Of course Keith Richards lives in the area as well, where the police raided his house in the 60's, found him & Mick J in a compromising position with maraianne Faithfull and a Mars bar :roll: (allegedly.....)


----------



## 96706 (Nov 13, 2005)

bognormike said:


> Of course Keith Richards lives in the area as well, where the police raided his house in the 60's, found him & Mick J in a compromising position with maraianne Faithfull and a Mars bar :roll: (allegedly.....)

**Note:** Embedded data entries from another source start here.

Lemma qweight_inj : (forall m, (0 < m)%N -> q ^+ m != 1) -> injective qweight.
Proof.
move=> q_nonroot i j; rewrite !qweightE => /(mulIf (invr_neq0 (expf_neq0 d q0))).
wlog lij : i j / (i <= j)%N => [hwlog|eq_ij].
  by case/orP: (leq_total i j) => /hwlog h // /esym/h.
apply/eqP; rewrite eqn_leq lij /=; apply: contraT; rewrite -ltnNge => ltij.
have /eqP[] := q_nonroot (2 * (j - i))%N ltac:(lia).
apply: (mulIf (expf_neq0 (2 * i) q0)); rewrite mul1r -exprD eq_ij.
by congr (_ ^+ _); lia.
Qed.

End QWeights.

Lemma stablemxZ (F : fieldType) m n (V : 'M[F]_(m, n)) (f : 'M_n) (s : F) :
  stablemx V f -> stablemx V (s *: f).
Proof. by move=> Vf; rewrite -scalemxAr scalemx_sub. Qed.

Lemma irreducible_for_TD_pair (F : fieldType) n (A As : 'M[F]_n) (a ast : F) gens :
  a != 0 -> ast != 0 -> TD_pair A As ->
  a *: A \in gens -> ast *: As \in gens -> irreducible_for gens.
Proof.
move=> a0 ast0 [n0 _ _ _ irrA] Ag Asg; split => // W stableW; apply: irrA.
  by rewrite -(scalerK a0 A) stablemxZ ?stableW.
by rewrite -(scalerK ast0 As) stablemxZ ?stableW.
Qed.

Section Theorem13p2.
Variables (K : fieldType) (n : nat) (q : K) (A As B Bs Ks : 'M[K]_n) (d : nat)
  (a ast b bst : K).
Hypothesis q0 : q != 0.
Hypothesis q_nonroot : forall m : nat, (0 < m)%N -> q ^+ m != 1.
Hypotheses (a0 : a != 0) (ast0 : ast != 0) (b0 : b != 0) (bst0 : bst != 0).

Local Notation Q := (qweight q d).

Definition th i := a * Q i.
Definition ths i := ast * q ^ (Posz d - Posz (2 * i)).
Definition EA j := eigenspace A (th j).
Definition EAs j := eigenspace As (ths j).

Local Notation H m := (\sum_(j < m.+1) EA j)%MS.
Local Notation G m := (\sum_(m <= j < d.+1) EA j)%MS.
Local Notation Hs m := (\sum_(j < m.+1) EAs j)%MS.
Local Notation Gs m := (\sum_(m <= j < d.+1) EAs j)%MS.

Definition W1 i := (Hs i :&: H (d - i))%MS.
Definition W2 i := (Gs (d - i) :&: G i)%MS.
Definition W3 i := (Gs (d - i) :&: H (d - i))%MS.

Hypothesis std : standard_ordering A As d th.
Hypothesis stds : standard_ordering As A d ths.
Hypotheses (D1 : is_decomposition d W1) (D2 : is_decomposition d W2)
  (D3 : is_decomposition d W3).
Hypothesis B_W1 : acts_as_scalar d W1 (fun i => b * Q i) B.
Hypothesis Bs_W2 : acts_as_scalar d W2 (fun i => bst * q ^ (Posz d - Posz (2 * i))) Bs.
Hypothesis Ks_W3 : acts_as_scalar d W3 Q Ks.

Local Notation y0p := (a^-1 *: A).
Local Notation y1p := (ast^-1 *: As).
Local Notation y0m := (bst^-1 *: Bs).
Local Notation y1m := (b^-1 *: B).
Local Notation k1 := (invmx Ks).

Lemma W1_spanning : (1%:M <= \sum_(i < d.+1) W1 i)%MS.
Proof. exact: decomposition_spanning D1. Qed.
Lemma W2_spanning : (1%:M <= \sum_(i < d.+1) W2 i)%MS.
Proof. exact: decomposition_spanning D2. Qed.
Lemma W3_spanning : (1%:M <= \sum_(i < d.+1) W3 i)%MS.
Proof. exact: decomposition_spanning D3. Qed.

Lemma qsubV_neq0 : q - q^-1 != 0.
Proof.
apply: contraNneq (q_nonroot (isT : (0 < 2)%N)) => /eqP.
by rewrite subr_eq0 => /eqP qE; rewrite expr2 {2}qE divff.
Qed.

Lemma qVsubV_neq0 : q^-1 - q^-1^-1 != 0.
Proof. by rewrite invrK -opprB oppr_eq0 qsubV_neq0. Qed.

Lemma Q_neq0 i : Q i != 0. Proof. exact: qweight_neq0. Qed.
Lemma Q_inj : injective Q. Proof. exact: qweight_inj. Qed.
Lemma QS i : Q i.+1 = q ^+ 2 * Q i. Proof. exact: qweightS. Qed.
Lemma thsE i : ths i = ast * (Q i)^-1. Proof. by rewrite /ths qweightV. Qed.

Lemma EA_eigen j : EA j *m A = th j *: EA j. Proof. exact/eigenspaceP. Qed.
Lemma EAs_eigen j : EAs j *m As = ths j *: EAs j. Proof. exact/eigenspaceP. Qed.

Lemma EA_y0p j : EA j *m y0p = Q j *: EA j.
Proof. by rewrite -scalemxAr EA_eigen scalerA mulKf. Qed.

Lemma EAs_y1p j : EAs j *m y1p = (Q j)^-1 *: EAs j.
Proof. by rewrite -scalemxAr EAs_eigen scalerA thsE mulKf. Qed.

Lemma tridiagonal_As_EA : tridiagonal d EA As. Proof. by case: std. Qed.
Lemma tridiagonal_A_EAs : tridiagonal d EAs A. Proof. by case: stds. Qed.

Lemma spanning_EA : (1%:M <= \sum_(i < d.+1) EA i)%MS.
Proof.
apply: submx_trans W1_spanning _.
apply/sumsmx_subP => i _; apply: submx_trans (capmxSr _ _) _.
by apply: pre_mono; apply: leq_subr.
Qed.

Lemma spanning_EAs : (1%:M <= \sum_(i < d.+1) EAs i)%MS.
Proof.
apply: submx_trans W1_spanning _.
apply/sumsmx_subP => i _; apply: submx_trans (capmxSl _ _) _.
by apply: pre_mono; rewrite -ltnS ltn_ord.
Qed.

Lemma eigenspaceA_eq0 x :
  (forall i, (i <= d)%N -> x != a * Q i) -> eigenspace A x = 0.
Proof. exact: standard_ordering_eigenspace0 std. Qed.

Lemma eigenspaceAs_eq0 x :
  (forall i, (i <= d)%N -> x != ast * (Q i)^-1) -> eigenspace As x = 0.
Proof.
by move=> x_new; apply: standard_ordering_eigenspace0 stds _ => i lid; rewrite thsE x_new.
Qed.

Lemma EA_next j :
  (eigenspace A (a * (q ^+ 2 * Q j)) <= if (j < d)%N then EA j.+1 else 0)%MS.
Proof.
rewrite -QS; case: ifP => // /negbT; rewrite -leqNgt => ldj.
rewrite eigenspaceA_eq0 // => i lid; apply: contraTneq lid => /(mulfI a0)/Q_inj <-.
by rewrite -ltnNge ltnS.
Qed.

Lemma Q_pred0_neq i : q ^- 2 * Q 0 != Q i.
Proof.
apply/eqP => /(congr1 ( *%R (q ^+ 2))); rewrite mulVKf ?expf_neq0 // -QS.
by move/Q_inj.
Qed.

Lemma EA_prev j :
  (eigenspace A (a * (q ^- 2 * Q j)) <= if j is j'.+1 then EA j' else 0)%MS.
Proof.
case: j => [|j]; last by rewrite QS mulKf ?expf_neq0.
by rewrite eigenspaceA_eq0 // => i _; apply: contra_neq (Q_pred0_neq i); apply: mulfI.
Qed.

Lemma EAs_next j :
  (eigenspace As (ast * (q ^- 2 * (Q j)^-1)) <= if (j < d)%N then EAs j.+1 else 0)%MS.
Proof.
rewrite -invfM -QS; case: ifP => [_|/negbT]; first by rewrite /EAs thsE.
rewrite -leqNgt => ldj; rewrite eigenspaceAs_eq0 // => i lid.
apply: contraTneq lid => /(mulfI ast0)/invr_inj/Q_inj <-.
by rewrite -ltnNge ltnS.
Qed.

Lemma EAs_prev j :
  (eigenspace As (ast * (q ^+ 2 * (Q j)^-1)) <= if j is j'.+1 then EAs j' else 0)%MS.
Proof.
case: j => [|j]; last by rewrite QS invfM mulVKf ?expf_neq0 // /EAs thsE.
rewrite eigenspaceAs_eq0 // => i _; apply: contra_neq (Q_pred0_neq i).
by move/(mulfI ast0)/(congr1 GRing.inv); rewrite invfM !invrK.
Qed.

Lemma W3_raising_A : raising d W3 A (fun i => th (d - i)).
Proof.
move=> i lid; rewrite /W3.
apply: submx_trans (mulmx_capmx_sub
  (suf_mulmx_tridiagonal _ (tridiagonal_shift _ tridiagonal_A_EAs))
  (pre_mulmx_eigen (leq_subr i d) (fun j _ => EA_eigen j))) _.
case: (ltnP i d) => [ltid|ldi].
  have -> : (d - i = (d - i.+1).+1)%N by lia.
  exact: submx_refl.
have -> : (d - i = 0)%N by lia.
by rewrite capmx0 sub0mx.
Qed.

Lemma W3_lowering_As : lowering d W3 As (fun i => ths (d - i)).
Proof.
move=> i lid; rewrite /W3.
apply: submx_trans (mulmx_capmx_sub (suf_mulmx_eigen (d - i) (fun j _ => EAs_eigen j))
  (pre_mulmx_tridiagonal (tridiagonal_shift _ tridiagonal_As_EA) (leq_subr i d))) _.
case: i lid => [|i] lid; first by rewrite subn0 suf_eq0 cap0mx sub0mx.
have -> : ((d - i.+1).+1 = d - i)%N by lia.
exact: submx_refl.
Qed.

Lemma W2_raising_A : raising d W2 A th.
Proof.
move=> i lid; rewrite /W2.
apply: submx_trans (mulmx_capmx_sub
  (suf_mulmx_tridiagonal (d - i) (tridiagonal_shift _ tridiagonal_A_EAs))
  (suf_mulmx_eigen i (fun j _ => EA_eigen j))) _.
case: (ltnP i d) => [ltid|ldi].
  have -> : ((d - i).-1 = d - i.+1)%N by lia.
  exact: submx_refl.
have -> : i = d by lia.
by rewrite suf_eq0 capmx0 sub0mx.
Qed.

That was some kind of marathon, but I bet the locals still snicker   :lol:

I'll get my coat.........


----------



## brillopad (Mar 4, 2008)

but do you know the name of keiths gardener ?


----------



## bognormike (May 10, 2005)

brillopad said:


> but do you know the name of keiths gardener ?


go on, tell us 8)


----------



## 96706 (Nov 13, 2005)

No, but Patrick Moore lives close by :!: Explains a lot 8O


----------



## cabby (May 14, 2005)

Last time I went down there it was absolutely chocca. :lol: :lol: :lol: 

cabby


----------



## Koppersbeat (May 10, 2005)

*Witterings*

Hi Brillopad,
Are you still in the Witterings? We live near the Lamb Pub on the main road to West Wittering.
My husband swims at East Head every day with our golden retriever.He says there have been 5 or 6 motorhomes there every day during the summer.
Yes it can get very busy on fine summer weekends but there is plenty of room down there if you head for the dunes at the far end.
Helen.


----------



## Bethune (Apr 21, 2008)

Are their any vehicle size restrictions when going to West Wittering beach? I remember you have to pay but like BognorMike it seems an interesting place to spend winter afternoons.


----------



## Koppersbeat (May 10, 2005)

*Witterings*

Hi Bethune,
No restriction on size of vehicle at East Head beach.In the winter you will need coins for the automatic barrier.And dont forget it is cheaper after 3pm.In the winter it is just £1.
We buy an annual pass as we live only 2 miles away.
Helen.


----------



## OldWomble (Jul 6, 2008)

*Re: Witterings*



Koppersbeat said:


> Hi Bethune,
> No restriction on size of vehicle at East Head beach.In the winter you will need coins for the automatic barrier.And dont forget it is cheaper after 3pm.In the winter it is just £1.
> We buy an annual pass as we live only 2 miles away.
> Helen.


Cay we overnight there?


----------



## bognormike (May 10, 2005)

*Re: Witterings*



OldWomble said:


> Koppersbeat said:
> 
> 
> > Hi Bethune,
> ...


I'm pretty sure there are signs saying no overnight parking. And probably a hefty charge if you do :roll:


----------



## 94639 (May 1, 2005)

Details on the link below

http://www.westwitteringbeach.co.uk/index.html

Opening Hours:-
Summer (BST) 06.30 - 20.30
Winter (GMT) 07.00 - 18.00
All vehicles must leave car park by closing time when the gate is locked.


----------



## brillopad (Mar 4, 2008)

jumping jack flash


----------